Она говорила дружелюбно, но очень быстро, чтобы побороть свою ярость. Розине не хотелось, чтобы их отношения закончились сценой ревности.
– Итак, ты нашел свеженькое тело, Казанова? Кто она? Официантка из бара или продавщица из супермаркета?
Фаусто, казалось, размышлял, а потом набрался смелости и сказал:
– Ты мне осточертела!
– Лестное замечание, чемпион. Из тебя вышел бы неплохой адвокат.
У него была огромная сумка, в которую он запихивал свои вещи.
– Ты хотя бы заметил, что строительство закончилось? И теперь мою территорию никогда больше не назовут «строительным участком»?
Фаусто молчал.
– По крайней мере, пока ты не удрал, ты должен знать: все это я делала ради тебя. Я не могу сказать, во сколько мне это обошлось, так как я тратила, не считая. На это ушли все мои деньги. Пожертвуй тремя минутами, чтобы посмотреть на все это, окажи мне последнюю любезность.
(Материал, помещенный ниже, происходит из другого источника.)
Lemma card_image_vcoset : injective F -> #|W'| = #|W|.
Proof.
move=> F_inj.
by rewrite -(card_vcoset W' x) -(card_vcoset W v) -F_coset (card_imset _ F_inj).
Qed.

Lemma image_vspace : F 0 = 0 -> x \in W' -> F @: [set y in W'] = [set y in W].
Proof.
move=> F0 W'x; rewrite -(vcoset_id W'x) F_coset vcoset_id //.
rewrite -rpredN -sub0r -mem_vcoset -F_coset -F0 imset_f //.
by rewrite mem_vcoset sub0r rpredN.
Qed.

End ImageOfCoset.

Lemma Lpart0 m b : Lpart (0%VS : {vspace Vsp m b}) = singleton_part (Vsp m b).
Proof.
apply: eq_imset => v; apply/setP => y.
by rewrite mem_vcoset memv0 subr_eq0 inE.
Qed.

Lemma Lpartf m b : Lpart (fullv : {vspace Vsp m b}) = full_part (Vsp m b).
Proof.
have coset_full v : vcoset fullv v = [set: Vsp m b].
  by apply/setP => y; rewrite mem_vcoset memvf inE.
apply/setP => X; rewrite in_set1; apply/imsetP/eqP => [[v _ ->] | ->].
  exact: coset_full.
by exists 0; rewrite ?inE ?coset_full.
Qed.

Lemma LApart_id m b (U W : {vspace Vsp m b}) vbar :
  \dim U = (\dim {:Vsp m b}).-1 -> vbar \notin U -> LApart U W W vbar = Lpart W.
Proof.
move=> dimU vbar_notin; apply/setP => X; apply/idP/imsetP.
  by rewrite inE => /orP [] /imsetP [v _ ->]; eexists.
case=> v _ ->; rewrite inE; have [Uv | U'v] := boolP (v \in U).
  by apply/orP; left; apply/imsetP; exists v; rewrite ?inE.
apply/orP; right; apply/imsetP; exists (v - vbar).
  by rewrite inE opprv_F2 hyperplane_addv.
by rewrite addrC subrK.
Qed.

Lemma subv_card_eq m b (X Y : {vspace Vsp m b}) : (X <= Y)%VS -> #|X| = #|Y| -> X = Y.
Proof.
move=> sXY cardXY; apply/eqP; rewrite eqEdim sXY /=.
by move: cardXY; rewrite !card_vspace card_Fp // => /eqP; rewrite eqn_exp2l // => /eqP ->.
Qed.

Section ParallelImageOfLA.
Variables (m b r : nat) (g : 'I_b -> {perm Blk m}).
Variables (U W1 W2 W : {vspace Vsp m b}) (vbar : Vsp m b).
Hypothesis m_gt1 : (1 < m)%N.
Hypothesis r_small : (r < m.-1)%N.
Hypothesis g_diff : forall i, diff_uniform (g i) (2 ^ r).
Hypothesis g_anti : forall i, strongly_anti_invariant r (g i).
Hypothesis dimU : \dim U = (\dim {:Vsp m b}).-1.
Hypothesis g_onto : maps_onto (parallel g) (LApart U W1 W2 vbar) (Lpart W).

Local Notation F := (parallel g).
Local Notation I := (full_sections W).

Let g0 i : g i 0 = 0. Proof. by case: (g_anti i). Qed.

Lemma image_LApart X : X \in LApart U W1 W2 vbar -> exists v, F @: X = vcoset W v.
Proof.
move=> LAX; have /imsetP [v _ ->] : F @: X \in Lpart W by rewrite -g_onto imset_f.
by exists v.
Qed.

Lemma image_W1_subr x w : x \in U -> w \in W1 -> F (w + x) - F x \in W.
Proof.
move=> Ux; have [v Fx] : exists v, F @: vcoset W1 x = vcoset W v.
  by apply: image_LApart; rewrite inE imset_f ?inE.
exact: (image_vcoset_subr (F := F) Fx).
Qed.

Lemma image_W2_coset : exists v, F @: vcoset W2 vbar = vcoset W v.
Proof.
apply: image_LApart; rewrite inE; apply/orP; right.
by apply/imsetP; exists 0; rewrite ?inE ?mem0v ?addr0.
Qed.

Lemma image_W1 : F @: [set y in W1] = [set y in W].
Proof.
have [v Fx] : exists v, F @: vcoset W1 0 = vcoset W v.
  by apply: image_LApart; rewrite inE imset_f ?inE ?mem0v.
by apply: image_vspace Fx _ (mem0v _); apply: parallel0.
Qed.

Lemma image_vsection i :
  [set g i x | x in [set y in vsection W1 i]] = [set y in vsection W i].
Proof.
apply/setP => y; rewrite inE mem_vsection; apply/imsetP/idP.
  case=> x; rewrite inE mem_vsection => W1x ->; rewrite -parallel_blockv //.
  by rewrite -[_ \in W]inE -image_W1 imset_f ?inE.
rewrite -[_ \in W]inE -image_W1 => /imsetP [w]; rewrite inE => W1w blk_y.
exists ((g i)^-1 y)%g; last by rewrite permKV.
rewrite inE mem_vsection (_ : blockv i _ = w) //.
by apply: (@parallel_inj _ _ g); rewrite parallel_blockv // permKV.
Qed.

Let T i := [set t | blockv i t \in U].

Let T_large i : (2 ^ m.-1 <= #|T i|)%N.
Proof. exact: card_preim_hyperplane dimU (ltnW m_gt1). Qed.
Розина взяла его за руку, увлекая за собой. Фаусто резко отдернул руку, но пошел следом. Они направились к котловине; в лучах утреннего солнца кольцо асфальта блестело, словно рыбья чешуя.
– Что это такое? – спросил итальянец. Розина взорвалась.
– Он еще спрашивает, что это! Ты мудак или велосипедист? Велодром, олух! Я думала, что ты будешь здесь тренироваться со своими одноклубниками. Мы бы устраивали тут региональные отборочные соревнования. В центре был бы буфет, где подавались бы напитки, картошка фри, сандвичи. Это было бы так здорово и называлось бы все это «Велодром Фаусто Феррари».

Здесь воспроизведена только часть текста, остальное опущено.